Pull out of the data below the stretch of lines bounded by the one containing "apply Rminus_diag_uniq. cbn [pow]." and the one containing "assert (HYbound : forall", both bounds included, unchanged.

#####

Lemma Gterm_bound x j k : 0 <= x -> 0 <= Gterm x j k <= 4 ^ j * (8 * x) ^ k.
Proof.
  intros Hx. unfold Gterm. destruct (Fterm_bound x j k Hx) as [HF0 HF].
  pose proof (pos_INR (j + k)). pose proof (INR_le_pow2 (j + k)).
  replace (4 ^ j * (8 * x) ^ k) with (2 ^ (j + k) * (2 ^ j * (4 * x) ^ k))
    by (rewrite pow_add, !Rpow_mult_distr; replace 4 with (2 * 2) by ring;
        replace 8 with (2 * (2 * 2)) by ring; rewrite !Rpow_mult_distr; ring).
  split; [apply Rmult_le_pos|apply Rmult_le_compat]; assumption.
Qed.

Lemma Fterm_0 x j : Fterm x j 0 = 1.
Proof. unfold Fterm. rewrite Nat.mul_0_r, Nat.add_0_r, C_n_0. simpl; ring. Qed.

Lemma Gterm_0 x j : Gterm x j 0 = INR j.
Proof. unfold Gterm. rewrite Fterm_0, Nat.add_0_r. ring. Qed.

Lemma Fterm_pascal x j k : Fterm x (S j) (S k) = Fterm x j (S k) + x * Fterm x (S (S j)) k.
Proof.
  unfold Fterm. replace (S j + 2 * S k)%nat with (S (j + 2 * S k)) by lia.
  rewrite <- pascal by lia. replace (j + 2 * S k)%nat with (S (S j) + 2 * k)%nat at 1 by lia.
  simpl pow. ring.
Qed.

Lemma Fterm_0_pascal x k : Fterm x 0 (S k) = 2 * x * Fterm x 1 k.
Proof.
  unfold Fterm. replace (0 + 2 * S k)%nat with (S (1 + 2 * k)) by lia.
  rewrite <- pascal by lia.
  rewrite (pascal_step1 (1 + 2 * k) (S k)) by lia.
  replace (1 + 2 * k - S k)%nat with k by lia. simpl pow. ring.
Qed.

Section BinomialSeries.
Variable x : R.
Hypothesis Hx : 0 <= x <= 1 / 16.

Lemma dominated_by_pow_8x (a : nat -> R) j :
  (forall k, 0 <= a k <= 4 ^ j * (8 * x) ^ k) -> ex_series a /\ Rabs (Series a) <= 2 * 4 ^ j.
Proof.
  intros Ha.
  assert (Hdom : forall k, Rabs (a k) <= 4 ^ j * (8 * x) ^ k)
    by (intros k; rewrite Rabs_pos_eq; apply Ha).
  split; [exact (ex_series_geom_dom _ (8 * x) _ ltac:(lra) Hdom)|].
  eapply Rle_trans; [exact (Series_geom_dom _ (8 * x) _ ltac:(lra) Hdom)|].
  pose proof (pow_le 4 j ltac:(lra)).
  apply Rle_div_l; [lra|]. nra.
Qed.

Lemma Fterm_dominated j k : 0 <= Fterm x j k <= 4 ^ j * (8 * x) ^ k.
Proof.
  destruct (Fterm_bound x j k ltac:(lra)) as [H0 H1]. split; [exact H0|].
  eapply Rle_trans; [exact H1|].
  apply Rmult_le_compat; try (apply pow_le; lra); apply pow_incr; lra.
Qed.

Lemma ex_series_Fterm j : ex_series (Fterm x j).
Proof. apply (dominated_by_pow_8x _ j), Fterm_dominated. Qed.

Lemma ex_series_Gterm j : ex_series (Gterm x j).
Proof. apply (dominated_by_pow_8x _ j). intros k. apply Gterm_bound. lra. Qed.

Lemma Fsum_bound j : Rabs (Fsum x j) <= 2 * 4 ^ j.
Proof. apply (dominated_by_pow_8x _ j), Fterm_dominated. Qed.

Lemma Gsum_bound j : Rabs (Gsum x j) <= 2 * 4 ^ j.
Proof. apply (dominated_by_pow_8x _ j). intros k. apply Gterm_bound. lra. Qed.

Lemma Fsum_rec j : Fsum x (S j) = Fsum x j + x * Fsum x (S (S j)).
Proof.
  unfold Fsum.
  rewrite (Series_incr_1 (Fterm x (S j))), (Series_incr_1 (Fterm x j)) by apply ex_series_Fterm.
  rewrite (Series_ext _ _ (Fterm_pascal x j)).
  rewrite Series_plus by (apply (proj1 (ex_series_incr_1 _))
    || apply (ex_series_scal_l (V := R_NormedModule)); apply ex_series_Fterm).
  rewrite Series_scal_l, !Fterm_0. ring.
Qed.

Lemma Gsum_rec j : Gsum x (S j) = Gsum x j + Fsum x j + x * Gsum x (S (S j)).
Proof.
  unfold Gsum, Fsum.
  rewrite (Series_incr_1 (Gterm x (S j))), (Series_incr_1 (Gterm x j)) by apply ex_series_Gterm.
  rewrite (Series_incr_1 (Fterm x j)) by apply ex_series_Fterm.
  rewrite (Series_ext _ (fun k => (Gterm x j (S k) + Fterm x j (S k)) + x * Gterm x (S (S j)) k)).
  2:{ intros k. unfold Gterm. rewrite Fterm_pascal, !plus_INR, !S_INR. ring. }
  rewrite Series_plus by (apply (ex_series_scal_l (V := R_NormedModule)), ex_series_Gterm
    || (apply (ex_series_plus (V := R_NormedModule)); apply (proj1 (ex_series_incr_1 _));
        apply ex_series_Gterm || apply ex_series_Fterm)).
  rewrite Series_plus
    by (apply (proj1 (ex_series_incr_1 _)); apply ex_series_Gterm || apply ex_series_Fterm).
  rewrite Series_scal_l, !Gterm_0, !Fterm_0, S_INR. ring.
Qed.

Lemma Fsum_0 : Fsum x 0 = 1 + 2 * x * Fsum x 1.
Proof.
  unfold Fsum. rewrite (Series_incr_1 (Fterm x 0)) by apply ex_series_Fterm.
  rewrite (Series_ext _ _ (Fterm_0_pascal x)), Series_scal_l, Fterm_0. ring.
Qed.

Lemma Gsum_0 : Gsum x 0 = 2 * x * Gsum x 1.
Proof.
  unfold Gsum. rewrite (Series_incr_1 (Gterm x 0)) by apply ex_series_Gterm.
  rewrite (Series_ext _ (fun k => 2 * x * Gterm x 1 k)), Series_scal_l, Gterm_0; [simpl; ring|].
  intros k. unfold Gterm. rewrite Fterm_0_pascal.
  replace (1 + k)%nat with (0 + S k)%nat by lia. ring.
Qed.

End BinomialSeries.

Lemma linear_geom_le_pow4 a C j : 0 <= a -> 0 <= C <= 2 -> Rabs (a * INR j * C ^ j) <= a * 4 ^ j.
Proof.
  intros Ha HC. pose proof (pos_INR j). pose proof (INR_le_pow2 j).
  pose proof (pow_le C j (proj1 HC)).
  assert (C ^ j <= 2 ^ j) by (apply pow_incr; lra).
  rewrite Rabs_pos_eq by (apply Rmult_le_pos; [apply Rmult_le_pos|]; lra).
  replace 4 with (2 * 2) by ring. rewrite Rpow_mult_distr, Rmult_assoc.
  apply Rmult_le_compat_l; [lra|]. apply Rmult_le_compat; assumption.
Qed.

Section SmallRoot.
Variables x C : R.
Hypothesis Hx : 0 <= x <= 1 / 16.
Hypothesis HC : 0 < C.
Hypothesis Hroot : x * C * C - C + 1 = 0.
Hypothesis Hsmall : 4 * x * C < 1.

Lemma Fsum_closed j : Fsum x j = C ^ j / (1 - 2 * x * C).
Proof.
  assert (Hgeom := recurrence_small_root (Fsum x) x C 2 ltac:(lra) HC Hroot Hsmall
                     (Fsum_rec x Hx) (Fsum_bound x Hx)).
  assert (H0 : Fsum x 0 * (1 - 2 * x * C) = 1).
  { pose proof (Fsum_0 x Hx) as H0. rewrite (Hgeom 1%nat) in H0. simpl in H0. lra. }
  rewrite Hgeom. replace (Fsum x 0) with (/ (1 - 2 * x * C)) by (field_simplify_eq; nra).
  field. nra.
Qed.

Lemma Gsum_closed j :
  Gsum x j = (INR j + 2 * x * C / (1 - 2 * x * C)) * C ^ j / ((1 - 2 * x * C) * (2 - C)).
Proof.
  assert (HC2 : C < 2) by nra.
  set (w := 1 - 2 * x * C). assert (Hw : 1 / 2 < w) by (unfold w; nra).
  set (a := / (w * (2 - C))).
  assert (Ha : 0 < a) by (apply Rinv_0_lt_compat; nra).
  set (Y := fun j => Gsum x j - a * INR j * C ^ j).
  assert (HY : forall j, Y (S j) = Y j + x * Y (S (S j))).
  { intros i. unfold Y. rewrite Gsum_rec, Fsum_closed, !S_INR by assumption. fold w.
    replace (C ^ i / w) with (a * (2 - C) * C ^ i) by (unfold a; field; lra).
    apply Rminus_diag_uniq. cbn [pow].
    transitivity (a * (INR i + 2) * C ^ i * (x * C * C - C + 1)); [ring | rewrite Hroot; ring]. }
  assert (HYbound : forall j, Rabs (Y j) <= (2 + a) * 4 ^ j).
  { intros i. unfold Y, Rminus. eapply Rle_trans; [apply Rabs_triang|].
    rewrite Rabs_Ropp. pose proof (Gsum_bound x Hx i).
    pose proof (linear_geom_le_pow4 a C i ltac:(lra) ltac:(lra)). lra. }
  assert (Hgeom := recurrence_small_root Y x C (2 + a) ltac:(lra) HC Hroot Hsmall HY HYbound).
  assert (HY0 : Y 0%nat = Gsum x 0) by (unfold Y; simpl; ring).
  assert (HG0 : Gsum x 0 * w = 2 * x * C * a).
  { pose proof (Gsum_0 x Hx) as H0.
    replace (Gsum x 1) with (a * INR 1 * C ^ 1 + Y 1%nat) in H0 by (unfold Y; ring).
    rewrite Hgeom, HY0 in H0. unfold w. simpl in H0. nra. }
  replace (Gsum x j) with (a * INR j * C ^ j + Y j) by (unfold Y; ring).
  rewrite Hgeom, HY0. replace (Gsum x 0) with (2 * x * C * a / w) by (field_simplify_eq; nra).
  unfold a. field. split; lra.
Qed.

End SmallRoot.

Lemma is_series_exp y : is_series (fun j => y ^ j / INR (fact j)) (exp y).
Proof.
  apply (is_series_ext (fun j => / INR (fact j) * y ^ j)); [intros; simpl; unfold Rdiv; ring|].
  rewrite is_series_Reals. exact (proj2_sig (exist_exp y)).
Qed.

Lemma is_series_exp_weighted y : is_series (fun j => INR j * (y ^ j / INR (fact j))) (y * exp y).
Proof.
  apply is_series_decr_1.
  apply (is_series_ext (fun k => y ^ k / INR (fact k) * y)).
  - intros k. rewrite fact_simpl, mult_INR. cbn [pow].
    change (y ^ k / INR (fact k) * y = INR (S k) * (y * y ^ k / (INR (S k) * INR (fact k)))).
    field. split; [apply INR_fact_neq_0 | apply not_0_INR; lia].
  - match goal with |- is_series _ ?l => replace l with (exp y * y) end.
    + apply is_series_scal_r, is_series_exp.
    + simpl. change (exp y * y = y * exp y + - (0 * (1 / 1))). field.
Qed.

Definition g_inner (c : R) (t : nat) : R :=
  sum_f_R0 (fun k => Binomial.C (t + 1) k * INR (t + 1 - k) / INR (fact (t + 1 - 2 * k)) *
                     powerRZ c (Z.of_nat t - 2 * Z.of_nat k)) ((t + 1) / 2).

Section Expansion.
Variables z c C : R.
Hypothesis Hz : 0 < z.
Hypothesis Hc : 0 < c.
Hypothesis Hcz : c * z <= 1 / 8.
Hypothesis Hzz : z * z <= 1 / 16.
Hypothesis HC : 0 < C.
Hypothesis Hroot : z * z * C * C - C + 1 = 0.
Hypothesis Hsmall : 4 * (z * z) * C < 1.

Let beta (j k : nat) : R := (- (c * z)) ^ j / INR (fact j) * Gterm (z * z) j k.

Lemma is_series_beta_row j :
  is_series (even_spread (beta j)) ((- (c * z)) ^ j / INR (fact j) * Gsum (z * z) j).
Proof.
  apply is_series_even_spread. unfold beta.
  apply (is_series_ext (fun k => Gterm (z * z) j k * ((- (c * z)) ^ j / INR (fact j))));
    [intros; simpl; ring|].
  rewrite (Rmult_comm _ (Gsum (z * z) j)). apply is_series_scal_r, Series_correct, ex_series_Gterm.
  pose proof (Rmult_le_pos z z); lra.
Qed.

Lemma beta_spread_bound j i : Rabs (even_spread (beta j) i) <= 1 * (9 / 16) ^ j * (3 / 4) ^ i.
Proof.
  pose proof (pow_le (9 / 16) j ltac:(lra)). pose proof (pow_le (3 / 4) i ltac:(lra)).
  unfold even_spread. destruct (Nat.even i) eqn:Heven; [|rewrite Rabs_R0; nra].
  assert (Hi : i = (2 * Nat.div2 i)%nat).
  { pose proof (Nat.div2_odd i) as Hodd. rewrite <- Nat.negb_even, Heven in Hodd.
    simpl in Hodd. lia. }
  set (k := Nat.div2 i) in *. rewrite Hi, pow_mult. replace ((3 / 4) ^ 2) with (9 / 16) by field.
  unfold beta. rewrite Rabs_mult. unfold Rdiv. rewrite Rabs_mult, <- RPow_abs, Rabs_Ropp.
  rewrite (Rabs_pos_eq (c * z)), Rabs_pos_eq
    by (try apply Rlt_le, Rinv_0_lt_compat, INR_fact_lt_0; nra).
  destruct (Gterm_bound (z * z) j k ltac:(nra)) as [HG0 HG].
  rewrite Rabs_pos_eq by exact HG0.
  assert (Hfact : / INR (fact j) <= 1).
  { rewrite <- Rinv_1. apply Rinv_le_contravar; [lra|]. apply (le_INR 1), lt_O_fact. }
  assert (Hfact0 : 0 <= / INR (fact j)) by (apply Rlt_le, Rinv_0_lt_compat, INR_fact_lt_0).
  assert (Hcz4 : (4 * (c * z)) ^ j <= (9 / 16) ^ j) by (apply pow_incr; nra).
  assert (Hx8 : (8 * (z * z)) ^ k <= (9 / 16) ^ k) by (apply pow_incr; nra).
  rewrite Rpow_mult_distr in Hcz4.
  pose proof (pow_le (c * z) j ltac:(nra)). pose proof (pow_le 4 j ltac:(lra)).
  pose proof (pow_le (8 * (z * z)) k ltac:(nra)).
  apply Rle_trans with ((c * z) ^ j * (4 ^ j * (8 * (z * z)) ^ k)).
  - rewrite Rmult_assoc. apply Rmult_le_compat_l; [nra|].
    rewrite <- (Rmult_1_l (4 ^ j * _)). apply Rmult_le_compat; nra.
  - replace ((c * z) ^ j * (4 ^ j * (8 * (z * z)) ^ k))
      with (4 ^ j * (c * z) ^ j * (8 * (z * z)) ^ k) by ring.
    rewrite Rmult_1_l. apply Rmult_le_compat; nra.
Qed.

Lemma Series_beta_rows :
  Series (fun j => Series (even_spread (beta j))) =
  exp (- (c * z * C)) * (2 * (z * z) * C / (1 - 2 * (z * z) * C) - c * z * C)
  / ((1 - 2 * (z * z) * C) * (2 - C)).
Proof.
  assert (Hzz0 : 0 <= z * z <= 1 / 16) by nra.
  assert (HC2 : C < 2) by nra.
  assert (Hw : 0 < 1 - 2 * (z * z) * C) by nra.
  set (d := (1 - 2 * (z * z) * C) * (2 - C)). assert (Hd : 0 < d) by (unfold d; nra).
  set (b := 2 * (z * z) * C / (1 - 2 * (z * z) * C)).
  set (y := - (c * z * C)).
  apply is_series_unique.
  apply (is_series_ext
    (fun j => (INR j * (y ^ j / INR (fact j))) * / d + (y ^ j / INR (fact j)) * (b / d))).
  { intros j. rewrite (is_series_unique _ _ (is_series_beta_row j)).
    rewrite (Gsum_closed _ _ Hzz0 HC Hroot Hsmall j). fold b d.
    unfold y. replace (- (c * z * C)) with (- (c * z) * C) by ring. rewrite Rpow_mult_distr.
    simpl. field. split; [lra | apply INR_fact_neq_0]. }
  match goal with |- is_series _ ?l =>
    replace l with (y * exp y * / d + exp y * (b / d)) by (unfold y; field; lra) end.
  apply (is_series_plus (V := R_NormedModule)); apply is_series_scal_r;
    [apply is_series_exp_weighted | apply is_series_exp].
Qed.

Lemma powerRZ_pred_pow (t k : nat) : (2 * k <= S t)%nat ->
  powerRZ c (Z.of_nat t - 2 * Z.of_nat k) = c ^ (S t - 2 * k) / c.
Proof.
  intros Hk. replace (Z.of_nat t - 2 * Z.of_nat k)%Z with (Z.of_nat (S t - 2 * k) + (-1))%Z by lia.
  rewrite powerRZ_add, <- pow_powerRZ by lra. simpl. field. lra.
Qed.

Lemma beta_antidiag_term t k : (2 * k <= S t)%nat ->
  beta (S t - 2 * k) k =
  - (c * z) * ((- z) ^ t * (Binomial.C (t + 1) k * INR (t + 1 - k) / INR (fact (t + 1 - 2 * k)) *
                            powerRZ c (Z.of_nat t - 2 * Z.of_nat k))).
Proof.
  intros Hk. rewrite powerRZ_pred_pow by exact Hk. unfold beta, Gterm, Fterm.
  set (j := (S t - 2 * k)%nat).
  replace (j + k)%nat with (t + 1 - k)%nat by (unfold j; lia).
  replace (j + 2 * k)%nat with (t + 1)%nat by (unfold j; lia).
  replace (t + 1 - 2 * k)%nat with j by (unfold j; lia).
  assert (Hsign : (- z) ^ t * (- (c * z)) = c * ((- z) ^ j * (z * z) ^ k)).
  { replace ((z * z) ^ k) with ((- z) ^ (2 * k)) by (rewrite pow_mult; f_equal; ring).
    rewrite <- pow_add. replace (j + 2 * k)%nat with (S t) by (unfold j; lia). simpl. ring. }
  rewrite <- (Rmult_assoc (- (c * z)) ((- z) ^ t)), (Rmult_comm (- (c * z)) ((- z) ^ t)), Hsign.
  replace ((- (c * z)) ^ j) with (c ^ j * (- z) ^ j) by (rewrite <- Rpow_mult_distr; f_equal; ring).
  field. split; [lra | apply INR_fact_neq_0].
Qed.

Lemma beta_antidiag t :
  sum_f_R0 (fun j => even_spread (beta j) (S t - j)) (S t) = - (c * z) * ((- z) ^ t * g_inner c t).
Proof.
  rewrite <- sum_antidiag_even_spread. unfold g_inner.
  replace ((t + 1) / 2)%nat with (Nat.div2 (S t)) by (rewrite Nat.div2_div; f_equal; lia).
  rewrite (scal_sum _ _ ((- z) ^ t)), scal_sum.
  apply sum_eq. intros k Hk. rewrite beta_antidiag_term; [ring|].
  pose proof (Nat.div2_odd (S t)). lia.
Qed.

#####

*Result of this task*
    apply Rminus_diag_uniq. cbn [pow].
    transitivity (a * (INR i + 2) * C ^ i * (x * C * C - C + 1)); [ring | rewrite Hroot; ring]. }
  assert (HYbound : forall j, Rabs (Y j) <= (2 + a) * 4 ^ j).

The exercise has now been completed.